The rush to monetize “big data” makes the appeal of various "solutions" undeniable.  But companies must perform proper due diligence to fully understand the current state of their data management systems. Companies must learn to recognize the various forms of disparate and seemingly extraneous forms of information as data and develop a plan to manage and utilize all their data assets as a single, more powerful whole.  The integration of the modern data management techniques with classic data modeling methodologies presents an interesting and sometimes counter intuitive conundrum. The fundamental challenge stems from the validity of classic data modeling techniques and the recognition that for many datasets those classic methodologies will always apply.  

Below, Figure 1 shows a sampling of the many modern systems being utilized to manage different forms of disparate data. Companies need to adopt a comprehensive and holistic approach to managing these many systems and incorporating them into a combined strategy. 

Big Data Tools

Figure 1

A Unified Data Strategy (UDS) is an abstract broad based concept that describes how massive amounts of data in a multitude of forms can (and should) be understood and managed as distinct dimensions and manifestations. A UDS is also a specific individualized methodology developed by each data owner to manage that data in all its forms in a comprehensive but interrelated manner. By adopting a UDS, owners of data will be able to develop comprehensive, customized methodologies to manage their data. By taking into account the interconnected nature of the various sources of data and tailoring the management of that data to the specific business requirements the maximum value will be achieved.

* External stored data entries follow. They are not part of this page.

Lemma normalized_cocycle_coboundary : H1_zero H ->
    (forall g j, g \in H -> e j = None -> phi g (Some (Some j)) = 0) ->
  exists y, {in H, forall g, phi g = Phi (P g) y - y}.
Proof.
move=> H1H phi_extra.
have [x xE] : exists x, {in H, forall g, lat_extend (phi g) = Phi g x - x}.
  apply: H1H => g h gH hH; rewrite phi_cocycle // lat_extendD.
  by rewrite Phi_extend ?(subsetP sHG) ?cocycle_m1 // => j; apply: phi_extra.
have [c cE] : exists c : int, forall g j, g \in H -> e j = None ->
    j \in flipped (P g) -> 2 * c + x None = 0.
  case: (boolP [exists g in H, [exists j, (e j == None) && (j \in flipped (P g))]]).
    case/exists_inP => g gH /existsP[j /andP[/eqP ej fj]].
    have [|a ->] := m1_even_of_extra_flip (x := x) (subsetP sHG g gH) ej fj.
      move=> i Ei; have := congr1 (fun v : lat I => v (Some (Some i))) (xE g gH).
      by rewrite !ffunE /= Ei => /esym/eqP; rewrite subr_eq0 => /eqP.
    by exists (- a) => *; ring.
  move=> no_flip; exists 0 => g j gH ej fj; case/negP: no_flip.
  by apply/exists_inP; exists g => //; apply/existsP; exists j; rewrite ej eqxx.
pose y := lat_restrict x c; pose D g := phi g - (Phi (P g) y - y).
have D_l0 g : g \in H -> D g = lscale (D g (Some None)) (l0 J).
  move=> gH; apply: restrict_coboundary_l0; rewrite ?(subsetP sHG) ?cocycle_m1 ?xE //.
  - by move=> j; apply: phi_extra.
  - by move=> j; apply: cE.
have D_cocycle : {in H &, forall g h, D (g * h)%g = D g + Phi (P g) (D h)}.
  move=> g h gH hH; have [gG hG] := (subsetP sHG g gH, subsetP sHG h hH).
  rewrite /D phi_cocycle // morphM // Phi_mul ?P_WD // !PhiB.
  by apply/ffunP => b; rewrite !ffunE; ring.
have D0 : {in H, forall g, D g (Some None) = 0}.
  apply: additive_int_eq0 => g h gH hH.
  by rewrite D_cocycle // ffunE [D h]D_l0 // PhiZ Phi_l0 ?PH_WB // lscaleE l0E mulr1.
exists y => g gH; apply/eqP; rewrite -subr_eq0 -/(D g) D_l0 // D0 //.
by apply/eqP/ffunP => b; rewrite !ffunE mul0r.
Qed.

End Cocycles.

Lemma transfer_H1 : condH1 G -> condH1 [set P g | g in G].
Proof.
move=> H1G K sKP f f_cocycle; pose H := (P @*^-1 K)%G.
have memH g : g \in H -> g \in G /\ P g \in K by move/morphpreP.
have sHG : H \subset G by apply/subsetP => g /memH[].
have phi_cocycle : {in H &, forall g h, f (P (g * h)%g) = f (P g) + Phi (P g) (f (P h))}.
  move=> g h /memH[gG gK] /memH[hG hK]; rewrite morphM //; exact: f_cocycle.
have [c cE] := cocycle_extra sHG phi_cocycle.
pose L := lm1 J; pose phi g := f (P g) + lscale c (Phi (P g) L - L).
have [||y yE] := @normalized_cocycle_coboundary H phi sHG _ (H1G H sHG).
- move=> g h gH hH; have [[gG _] [hG _]] := (memH g gH, memH h hH).
  rewrite /phi phi_cocycle // morphM // Phi_mul ?P_WD // PhiD PhiZ !PhiB.
  by apply/ffunP => b; rewrite !ffunE; ring.
- move=> g j gH ej; have PgW := P_WB (subsetP sHG g gH).
  rewrite /phi !ffunE cE // Phi_i // !ffunE prf_extra ?(subsetP sHG) //=.
  by case: (j \in flipped (P g)) => /=; ring.
exists (y - lscale c L) => h hK; have /imsetP[g gG hE] := subsetP sKP h hK.
have gH : g \in H by rewrite mem_morphpre -?hE.
rewrite hE; have -> : f (P g) = phi g - lscale c (Phi (P g) L - L) by rewrite addrK.
rewrite yE // PhiB PhiZ.
by apply/ffunP => b; rewrite !ffunE; ring.
Qed.

Lemma transfer_relmin (j0 : J) : minimal_cond G ->
    (forall j, e j = None -> exists2 g, g \in G & j \in flipped (P g)) ->
  relmin [set P g | g in G].
Proof.
move=> Gmin extra_flip; apply: (relmin_of_flips j0).
  by apply/subsetP => _ /imsetP[g gG ->]; apply: P_WD.
move=> j; case Ej: (e j) => [i|]; last first.
  have [g gG fj] := extra_flip j Ej.
  by exists (P g); [apply: imset_f | rewrite prf_extra].
have [g gG gi] := Gmin i.
have [gi_fix fi] : prf g i = i /\ i \in flipped g by rewrite /prf inE gi.
exists (P g); first exact: imset_f.
split; last by rewrite (e_flipped gG Ej).
by apply: e_inj; rewrite e_prf // Ej /= gi_fix.
Qed.

End Transfer.

Lemma insubd_permE (T : finType) (f : T -> T) x : injective f ->
  (insubd (1%g : {perm T}) [ffun y => f y] : {perm T}) x = f x.
Proof.
move=> f_inj; have f_injb : injectiveb [ffun y => f y].
  by apply/injectiveP => y z; rewrite !ffunE => /f_inj.
by rewrite -pvalE insubdK // ffunE.
Qed.

Section OrbitRestriction.
Variables (I : finType) (G : {group {perm sym I}}) (O : {set I}).
Hypothesis sGD : G \subset WD I.
Hypothesis O_stable : forall g i, g \in G -> i \in O -> prf g i \in O.
Implicit Types (g h : {perm sym I}) (k : sO O).

Let G_WB g : g \in G -> g \in WB I.
Proof. by move=> gG; apply/WD_WB/(subsetP sGD). Qed.

Lemma val_insubd_prf g k : g \in G -> val (insubd k (prf g (val k))) = prf g (val k).
Proof. by move=> gG; rewrite insubdK ?inE ?O_stable ?(valP k). Qed.

Lemma restr_apply g k b : g \in G ->
  restr g (k, b) = (insubd k (prf g (val k)), b (+) (val k \in flipped g)).
Proof. by move=> gG; rewrite /restr /= WB_apply ?G_WB. Qed.

Lemma restr_inj g : g \in G -> injective (@restr I O g).
Proof.
move=> gG [k1 b1] [k2 b2]; rewrite !restr_apply // => -[/(congr1 val)].
rewrite !val_insubd_prf // => /(prf_inj (G_WB gG))/val_inj <-.
by move/addIb ->.
Qed.

Lemma gO_apply g k b : g \in G ->
  gO O g (k, b) = (insubd k (prf g (val k)), b (+) (val k \in flipped g)).
Proof. by move=> gG; rewrite insubd_permE ?restr_apply //; apply: restr_inj. Qed.

Lemma val_prf_gO g k : g \in G -> val (prf (gO O g) k) = prf g (val k).
Proof. by move=> gG; rewrite /prf gO_apply //= val_insubd_prf. Qed.

Lemma flipped_gO g k : g \in G -> (k \in flipped (gO O g)) = (val k \in flipped g).
Proof. by move=> gG; rewrite [in LHS]inE gO_apply //=; case: (_ \in _). Qed.

Lemma gO_WB g : g \in G -> gO O g \in WB (sO O).
Proof.
move=> gG; rewrite inE; apply/forallP => -[k b].
by rewrite /sflip /= !gO_apply //= addNb.
Qed.

Lemma gO_morphM : {in G &, {morph gO O : g h / (g * h)%g}}.
Proof.
move=> g h gG hG; apply/permP => -[k b]; rewrite permM !gO_apply ?groupM //.
congr (_, _).
  by apply: val_inj; rewrite !insubdK ?O_stable ?groupM ?(valP k) // prf_mul ?G_WB.
by rewrite flipped_mul ?G_WB // val_insubd_prf // addbA.
Qed.

Lemma sigma_gO_mul g h : g \in G -> h \in G ->
  sigma_odd (gO O (g * h)%g) = sigma_odd (gO O g) (+) sigma_odd (gO O h).
Proof. by move=> gG hG; rewrite /sigma_odd gO_morphM // odd_tcount_mul ?gO_WB. Qed.

Lemma POfun_inj g : injective (@POfun I O g).
Proof.
move=> [[k1|] b1] [[k2|] b2]; rewrite /POfun /= => -[] //.
  move=> k12 b12; have : gO O g (k1, b1) = gO O g (k2, b2).
    by rewrite [LHS]surjective_pairing [RHS]surjective_pairing k12 b12.
  by move/perm_inj => [-> ->].
by move/addIb ->.
Qed.

Lemma PO_Some g k b : g \in G ->
  PO O g (Some k, b) = (Some (insubd k (prf g (val k))), b (+) (val k \in flipped g)).
Proof. by move=> gG; rewrite insubd_permE /POfun /= ?gO_apply //; apply: POfun_inj. Qed.

Lemma PO_None g b : PO O g (None, b) = (None, b (+) sigma_odd (gO O g)).
Proof. by rewrite insubd_permE //; apply: POfun_inj. Qed.

Lemma PO_WD g : g \in G -> PO O g \in WD (option (sO O)).
Proof.
move=> gG; rewrite !inE; apply/andP; split.
  by apply/forallP => -[[k|] b]; rewrite /sflip /= ?PO_Some ?PO_None //= addNb.
rewrite /sigma_odd /tcount card_sum_mem big_option /= inE PO_None /= negbK.
have -> : (\sum_k ((Some k : option (sO O)) \in flipped (PO O g)))%N = tcount (gO O g).
  by rewrite /tcount card_sum_mem; apply: eq_bigr => k _; rewrite !inE PO_Some // gO_apply.
by rewrite oddD oddb addbb.
Qed.

Lemma PO_morphM : {in G &, {morph PO O : g h / (g * h)%g}}.
Proof.
move=> g h gG hG; apply/permP => -[[k|] b]; rewrite permM; last first.
  by rewrite !PO_None sigma_gO_mul // addbA.
rewrite !PO_Some ?groupM //; congr (Some _, _).
  by apply: val_inj; rewrite !insubdK ?O_stable ?groupM ?(valP k) // prf_mul ?G_WB.
by rewrite flipped_mul ?G_WB // val_insubd_prf // addbA.
Qed.

Hypotheses (H1G : condH1 G) (Gmin : minimal_cond G).

Lemma GbarA_relmin_H1 (k0 : sO O) : {in G, forall g, ~~ sigma_odd (gO O g)} ->
  relmin (GbarA G O) /\ condH1 (GbarA G O).
Proof.
move=> even_gO; pose P := Morphism gO_morphM.
pose e (k : sO O) : option I := Some (val k).
have e_inj : injective e by move=> k1 k2 [/val_inj].
have P_WD : {in G, forall g, P g \in WD (sO O)}.
  by move=> g gG; rewrite inE gO_WB ?even_gO.
have e_prf g k : g \in G -> e (prf (P g) k) = omap (prf g) (e k).
  by move=> gG; rewrite /e val_prf_gO.
have e_flipped g k i : g \in G -> e k = Some i -> (k \in flipped (P g)) = (i \in flipped g).
  by move=> gG [<-]; apply: flipped_gO.
split; first exact: (transfer_relmin P_WD e_inj e_prf e_flipped k0 Gmin).
exact: (transfer_H1 sGD P_WD e_inj e_prf e_flipped H1G).
Qed.

Lemma GbarB_relmin_H1 : (exists2 g, g \in G & sigma_odd (gO O g)) ->
  relmin (GbarB G O) /\ condH1 (GbarB G O).
Proof.
move=> [g_odd g_oddG odd_g]; pose P := Morphism PO_morphM.
pose e (o : option (sO O)) : option I := omap val o.
have e_inj : injective e by move=> [k1|] [k2|] //= [/val_inj ->].
have P_WD : {in G, forall g, P g \in WD (option (sO O))} := PO_WD.
have e_prf g o : g \in G -> e (prf (P g) o) = omap (prf g) (e o).
  by move=> gG; case: o => [k|]; rewrite /prf /= ?PO_Some ?PO_None //= val_insubd_prf.
have e_flipped g o i : g \in G -> e o = Some i -> (o \in flipped (P g)) = (i \in flipped g).
  by move=> gG; case: o => [k|] //= [<-]; rewrite inE PO_Some //=; case: (_ \in _).
split; last exact: (transfer_H1 sGD P_WD e_inj e_prf e_flipped H1G).
apply: (transfer_relmin P_WD e_inj e_prf e_flipped None Gmin) => -[//|_].
by exists g_odd => //; rewrite inE PO_None /= odd_g.
Qed.

End OrbitRestriction.

Lemma pr_orbit_stable (I : finType) (G : {group {perm sym I}}) (i0 : I) g i :
  G \subset WD I -> g \in G -> i \in pr_orbit G i0 -> prf g i \in pr_orbit G i0.
Proof.
move=> sGD gG /imsetP[h hG ->]; apply/imsetP; exists (h * g)%g; first by rewrite groupM.
by rewrite prf_mul // WD_WB ?(subsetP sGD).
Qed.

The transition from traditional relationally-structured data to a UDS is complex, but can be navigated effectively with a disciplined approach to the effort. To successfully adopt a Unified Data Strategy, companies should focus on the following:

1.   Developing a rigorous understanding of how the business consumes, produces, manipulates and uses information of all types.

2.   Determining how the business can use data to both understand external behavior and to assist in making internal decisions, as well as understand how the data itself is relevant to influencing a critical moment of attention.

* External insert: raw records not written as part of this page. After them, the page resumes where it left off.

Lemma gprod_bd_translate o h z1 z2 z1' z2' :
  translate_spec h z1 z1' -> translate_spec h z2 z2' ->
  (gprod_bd o z1' z2' <=
   gprod_bd o z1 z2 + (2 * dist o one + 34 * delta - n%:R)%:E)%E.
Proof.
move=> z1z1' z2z2'; apply: ge_ereal_sup => _ [x' [y' [z1'x' z2'y' ->]]].
have [k1 [z1k1 Hk1 k1h Ha]] := represents_translate z1z1' z1'x'.
have [k2 [z2k2 Hk2 k2h Hb]] := represents_translate z2z2' z2'y'.
set a := fun i => mul h (x' i) in Ha *; set b := fun j => mul h (y' j) in Hb *.
have h_norm : dist h one <= n%:R + 10 * delta.
  have := wdist_triangle h (k1 n) one.
  by rewrite ray_norm // (wdistC h (k1 n)); lra.
have [Na HNa] := gprod_diverges_near Ha Hk1 k1h.
have [Nb HNb] := gprod_diverges_near Hb Hk2 k2h.
apply: (@le_trans _ _ (liminf2 (fun i j => (gp o (a i) (b j))%:E) +
                       (2 * dist o one + 34 * delta - n%:R)%:E)).
  apply: liminf2_leD; exists (maxn Na Nb) => i j hi hj.
  have := HNa i ltac:(lia); have := HNb j ltac:(lia).
  have := gprod_le_base o one (x' i) (y' j).
  have := gprod_mull h one (x' i) (y' j); rewrite gmulg1.
  have := gprod_change_base h (a i) (b j).
  have := gprod_le_base one o (a i) (b j); rewrite (wdistC one o).
  by have := delta_ge0; lra.
by rewrite leeD2r //; apply: ereal_sup_ubound; exists a, b; split => //; [exists k1 | exists k2].
Qed.

Lemma passes_near_of_gprod_bd o (xi z : bdry R gr S) g :
  ray g -> proj1_sig xi = ray_class g ->
  ((n%:R + dist o one)%:E < gprod_bd o xi z)%E -> passes_near (g n) z.
Proof.
move=> Hg xig /ereal_sup_gt [_ [x [y [[k [xik Hxk]] [k2 [zk2 Hyk2]] ->]]] Hv].
have [N1 HN1] := lt_liminf2 Hv.
have [_ [_ Hk2 _ _]] := bdry_mem zk2.
move: xik; rewrite xig => -[Hk gk].
have [Nx HNx] := Hxk n%:R; have [Ny HNy] := Hyk2 n%:R.
set I := maxn (maxn N1 Nx) (maxn Ny n).
have G1 : n%:R - delta <= gp one (k n) (x I).
  apply: (@gprod_chain2 n%:R one (k n) (k I) (x I)); first by rewrite gprodC gprod_ray //; lia.
  by rewrite gprodC; apply: HNx; lia.
have G2 : n%:R - delta <= gp one (x I) (y I).
  have := HN1 I I ltac:(lia) ltac:(lia); have := gprod_le_base o one (x I) (y I).
  by have := delta_ge0; lra.
have G3 : n%:R - delta <= gp one (y I) (k2 n).
  apply: (@gprod_chain2 n%:R one (y I) (k2 I) (k2 n)); first by apply: HNy; lia.
  by rewrite gprod_ray //; lia.
have Dk : dist (k n) (k2 n) <= 6 * delta.
  by have := gprod_chain3 G1 G2 G3; rewrite /gprod !ray_norm //; lra.
have Dg := equiv_rays_close Hg Hk gk n.
exists k2; split => //; have := wdist_triangle (k2 n) (k n) (g n).
by rewrite (wdistC (k2 n) (k n)) (wdistC (k n) (g n)); lra.
Qed.

Lemma passes_near_cover o xi : exists2 h, List.In h (ball_list one n) &
  forall z, ((n%:R + dist o one)%:E < gprod_bd o xi z)%E -> passes_near h z.
Proof.
have [g [Hg xig]] := proj2_sig xi.
exists (g n); last by move=> z; apply: passes_near_of_gprod_bd.
by apply: In_ball_list; rewrite wdistC ray_norm.
Qed.

End Translation.

End Hyperbolic.

End WordMetric.

Theorem theorem6p6 (R : realType) (G : Type) (gr : group_on G) (S : seq G)
  (hS : symmetric_gen_set gr S) (hyp : hyperbolic_Cayley R gr S)
  (d : bdry R gr S -> bdry R gr S -> R) (hd : visual_metric d) :
  exists (N : nat) (U : 'I_N -> set (bdry R gr S))
         (f : 'I_N -> bdry R gr S -> bdry R gr S) (L : 'I_N -> R),
    (forall i, bd_open (U i)) /\
    (forall xi : bdry R gr S, exists i, U i xi) /\
    (forall i, 1 < L i) /\
    (forall i x y, U i x -> U i y -> L i * d x y <= d (f i x) (f i y)).
Proof.
have [delta [delta_ge0 four_point]] := hyp.
have [d_metric [d_top [ob [a [C1 [C2 [a_gt1 [C1_gt0 [C2_gt0 d_visual]]]]]]]]] := hd.
pose c := 2 * wdist R gr S ob (gone gr) + 34 * delta.
have [n L_gt1] := exists_powR_gt1 c (divr_gt0 C1_gt0 C2_gt0) a_gt1.
pose hs := ball_list gr S (gone gr) n.
pose h (i : 'I_(size hs)) := nth (gone gr) hs i.
pose U i := metric_interior d (passes_near delta n (h i)).
have [f hf] := choice (fun i => translate_map hS delta_ge0 four_point n (h i)).
exists (size hs), U, f, (fun=> C1 / C2 * a `^ (n%:R - c)); split; [|split; [|split]] => //.
- by move=> i; apply/d_top/metric_open_interior.
- move=> xi; have [g hs_g xi_g] := passes_near_cover hS delta_ge0 four_point n ob xi.
  have [i [hi ig]] := List_In_nth (gone gr) hs_g.
  exists (Ordinal hi); rewrite /U /h /= ig.
  exact: (gprod_bd_gt_sub_interior hS a_gt1 C1_gt0 d_visual xi_g).
- move=> i x y Ux Uy.
  have := gprod_bd_translate hS delta_ge0 four_point ob
    (hf i x (metric_interior_sub d_metric Ux)) (hf i y (metric_interior_sub d_metric Uy)).
  by move/(visual_expansion hS d_metric a_gt1 C1_gt0 C2_gt0 d_visual); rewrite opprB.
Qed.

3.    Analyzing the “personality” of each data form so that it can be matched with tools that appropriately acquire, filter, store, safeguard and disperse the data into useful information.

4.    Selecting infrastructure and tools that automate or eliminate traditional high-cost tasks such as import, provisioning, scalability, and disaster tolerance.  A highly virtualized infrastructure with complementary tooling should provide the majority of these capabilities.

5.    Commitment to the process of learning an entirely new approach to technology, and to adopting it in risk-appropriate increments.

Any company with a significant data infrastructure is aware of the pitfalls that could exist in rushing into this brave new world.  However, thorough analysis can lead to an understanding of the current state of their data management systems, and  subsequently to better control of their existing data. Ultimately they will be able to recognize, manage and utilize new forms of disparate and seemingly extraneous information as data.  Companies that develop a plan to comprehensively address all their concerns around managing and utilizing all useful data will gain significant strategic advantages.    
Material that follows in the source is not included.